Lemma twin_parameter_bounds (R : rcfType) (a : R) : (Num.sqrt 2)^-1 < a -> a < 1 ->
  [/\ 0 < a, 0 < Num.sqrt (2 * a ^+ 2 - 1), Num.sqrt (2 * a ^+ 2 - 1) < 1
    & Num.sqrt (2 * a ^+ 2 - 1) ^+ 2 = 2 * a ^+ 2 - 1].
Proof.
move=> a_gt a_lt1; have w_gt0 : 0 < Num.sqrt 2 :> R by rewrite sqrtr_gt0 ltr0n.
have a_gt0 : 0 < a by apply: lt_trans a_gt; rewrite invr_gt0.
have aw_gt1 : 1 < a * Num.sqrt 2.
  by move: a_gt; rewrite -(ltr_pM2r w_gt0) mulVf // lt0r_neq0.
have d_gt0 : 0 < 2 * a ^+ 2 - 1.
  have : 1 < (a * Num.sqrt 2) ^+ 2 by rewrite expr2; nra.
  by rewrite exprMn sqr_sqrtr ?ler0n // subr_gt0 mulrC.
have s2 := sqr_sqrtr (ltW d_gt0); have s_gt0 := sqrtr_gt0 (2 * a ^+ 2 - 1).
rewrite d_gt0 in s_gt0; split => //.
by move: s2; set s := Num.sqrt _ => s2; rewrite !expr2 in s2; nra.
Qed.

Section TwinShears.
Variables (R : realType) (a s : R).
Hypotheses (a_gt0 : 0 < a) (s_gt0 : 0 < s) (s_lt1 : s < 1) (sqr_s : s ^+ 2 = 2 * a ^+ 2 - 1).

Let co := (1 + s) / (2 * a).
Let si := (1 - s) / (2 * a).
Let g := (1 - s) / (2 * s).
Let r := Num.sqrt (1 + s ^+ 2).

Definition twin_shear (k : R) : 'cV[R]_3 := r *: col3 g 0 (g * k).

Lemma twin_scale_gt0 : 0 < r * g.
Proof.
rewrite mulr_gt0 ?sqrtr_gt0 ?ltr_wpDr ?sqr_ge0 ?divr_gt0 ?subr_gt0 //.
by rewrite mulr_gt0 ?ltr0n.
Qed.

Lemma twin_shear_neq0 k : twin_shear k != 0.
Proof.
apply: contraTneq twin_scale_gt0 => /matrixP/(_ i0 0).
by rewrite !mxE /= => ->; rewrite ltxx.
Qed.

(* The only place where the relation between l1 and l3 is needed. *)
Lemma twin_rot_param : co ^+ 2 + si ^+ 2 = 1.
Proof.
have a_neq0 : a != 0 by rewrite gt_eqF.
have -> : co ^+ 2 + si ^+ 2 = (2 + 2 * s ^+ 2) / (4 * a ^+ 2) by rewrite /co /si; field.
by rewrite sqr_s; field.
Qed.

Lemma twin_rank_one k : k = 1 \/ k = -1 ->
  rot2 co (k * si) *m diag_mx (row3 a 1 (a / s)) - 1%:M = col3 g 0 (g * k) *m row3 (- s) 0 k /\
  rot2 co (- (k * si)) *m diag_mx (row3 (a / s) 1 a) - 1%:M
    = col3 g 0 (g * k) *m row3 1 0 (- (k * s)).
Proof.
have [a_neq0 s_neq0] : a != 0 /\ s != 0 by rewrite !gt_eqF.
case=> ->; split; apply/matrixP; apply: ord3_ind; apply: ord3_ind;
  rewrite !mxE big_ord3 big_ord1 !mxE /= /co /si /g; field;
  by rewrite ?s_neq0 ?a_neq0.
Qed.

Lemma twin_unit_vecs k : k = 1 \/ k = -1 ->
  unit_vec (r^-1 *: row3 (- s) 0 k) /\ unit_vec (r^-1 *: row3 1 0 (- (k * s))).
Proof.
have r_gt0 : 0 < r by rewrite sqrtr_gt0 ltr_wpDr ?sqr_ge0.
have r2 : r ^+ 2 = 1 + s ^+ 2 by rewrite sqr_sqrtr // addr_ge0 ?sqr_ge0.
by case=> ->; split; apply: unit_vec_scale r_gt0 _; rewrite r2 mulmx3E !mxE /=; ring.
Qed.

Lemma twin_triple_cluster k : k = 1 \/ k = -1 ->
  triple_cluster (diag_mx (row3 a 1 (a / s))) (diag_mx (row3 (a / s) 1 a)) (twin_shear k).
Proof.
move=> k2; have [rkU rkV] := twin_rank_one k2; have [unitU unitV] := twin_unit_vecs k2.
have r_neq0 : r != 0 by rewrite sqrtr_eq0 -ltNge ltr_wpDr ?sqr_ge0.
have rot_co t : t ^+ 2 = si ^+ 2 -> is_rot (rot2 co t).
  by move=> t2; apply: rot2_is_rot; rewrite t2 twin_rot_param.
exists (rot2 co (k * si)), (rot2 co (- (k * si))).
exists (r^-1 *: row3 (- s) 0 k), (r^-1 *: row3 1 0 (- (k * s))).
split; last by rewrite /twin_shear !tens_scale.
by split => //; apply: rot_co; case: k2 => ->; rewrite ?sqrrN ?mulN1r ?sqrrN ?mul1r.
Qed.

Lemma twin_shears_not_parallel (P : 'M[R]_3) : P^T *m P = 1%:M ->
  ~ parallel (P *m twin_shear 1) (P *m twin_shear (-1)).
Proof.
move=> PtP [l]; have rg_gt0 := twin_scale_gt0.
have P_inj : injective (@mulmx _ 3 3 1 P).
  by move=> x y Pxy; rewrite -(mul1mx x) -PtP -mulmxA Pxy mulmxA PtP mul1mx.
rewrite !scalemxAr; case=> /P_inj/matrixP ts; move: (ts i0 0) (ts i2 0);
  rewrite !mxE /=; nra.
Qed.

End TwinShears.

Theorem mainTheorem3 (R : realType) (U V Q : 'M[R]_3) (l1 l3 : R) :
  spd U -> spd V -> U != V -> U *m V = V *m U ->
  is_rot Q -> V = Q *m U *m Q^T ->
  (forall a : R, eigenvalue U a <-> (a = l1 \/ a = 1 \/ a = l3)) ->
  (Num.sqrt 2)^-1 < l1 -> l1 < 1 -> 1 < l3 ->
  (exists e : 'cV[R]_3, e != 0 /\ U *m e = e /\ V *m e = e) ->
  l3 = l1 / Num.sqrt (2 * l1 ^+ 2 - 1) ->
  exists (Rup Rvp Rum Rvm : 'M[R]_3) (bp bm : 'cV[R]_3)
         (mup mvp mum mvm : 'rV[R]_3),
    [/\ is_rot Rup, is_rot Rvp, is_rot Rum & is_rot Rvm] /\
    [/\ bp != 0, bm != 0 & ~ parallel bp bm] /\
    [/\ unit_vec mup, unit_vec mvp, unit_vec mum & unit_vec mvm] /\
    [/\ Rup *m U - 1%:M = tens bp mup, Rvp *m V - 1%:M = tens bp mvp,
        Rum *m U - 1%:M = tens bm mum & Rvm *m V - 1%:M = tens bm mvm] /\
    (Rup *m U - Rvp *m V = tens bp (mup - mvp) /\
     Rum *m U - Rvm *m V = tens bm (mum - mvm)).
Proof.
move=> [symU _] _ neqUV UV [QtQ _] defV eigU l1_gt l1_lt1 l3_gt1 common defl3.
have [l1_gt0 s_gt0 s_lt1 sqr_s] := twin_parameter_bounds l1_gt l1_lt1.
have [l1_neq1 l3_neq1 l13] : [/\ l1 != 1, l3 != 1 & l1 != l3].
  by rewrite lt_eqF // gt_eqF // lt_eqF //; apply: lt_trans l3_gt1.
have [P PtP [defU defV']] := commuting_conjugate_swap symU neqUV UV QtQ defV
  (proj2 (eigU l1) (or_introl erefl)) (proj2 (eigU l3) (or_intror (or_intror erefl)))
  l1_neq1 l3_neq1 l13 common.
set s := Num.sqrt _ in defl3 s_gt0 s_lt1 sqr_s.
have cluster k : k = 1 \/ k = -1 -> triple_cluster U V (P *m twin_shear s k).
  move=> k2; rewrite defU defV' defl3; apply: triple_cluster_conj PtP _.
  exact: twin_triple_cluster.
have [Rup [Rvp [mup [mvp [[rup rvp uup uvp] [eup evp]]]]]] := cluster 1 (or_introl erefl).
have [Rum [Rvm [mum [mvm [[rum rvm uum uvm] [eum evm]]]]]] := cluster (-1) (or_intror erefl).
exists Rup, Rvp, Rum, Rvm, (P *m twin_shear s 1), (P *m twin_shear s (-1)).
exists mup, mvp, mum, mvm; split; first by split.
split.
  by split; rewrite ?orthogonal_mulmx_neq0 ?twin_shear_neq0 //; apply: twin_shears_not_parallel.
do 2 (split; first by split).
by split; apply: tens_diff.
Qed.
::::::::
# The problem:
What you return must be an exact retyping of the lines above starting at the line with "have aw_gt1 : 1 < a * Num.sqrt 2." and ending at the line with "Let si := (1 - s) / (2 * a).", and nothing besides.

# Answer to this problem:
have aw_gt1 : 1 < a * Num.sqrt 2.
  by move: a_gt; rewrite -(ltr_pM2r w_gt0) mulVf // lt0r_neq0.
have d_gt0 : 0 < 2 * a ^+ 2 - 1.
  have : 1 < (a * Num.sqrt 2) ^+ 2 by rewrite expr2; nra.
  by rewrite exprMn sqr_sqrtr ?ler0n // subr_gt0 mulrC.
have s2 := sqr_sqrtr (ltW d_gt0); have s_gt0 := sqrtr_gt0 (2 * a ^+ 2 - 1).
rewrite d_gt0 in s_gt0; split => //.
by move: s2; set s := Num.sqrt _ => s2; rewrite !expr2 in s2; nra.
Qed.

Section TwinShears.
Variables (R : realType) (a s : R).
Hypotheses (a_gt0 : 0 < a) (s_gt0 : 0 < s) (s_lt1 : s < 1) (sqr_s : s ^+ 2 = 2 * a ^+ 2 - 1).

Let co := (1 + s) / (2 * a).
Let si := (1 - s) / (2 * a).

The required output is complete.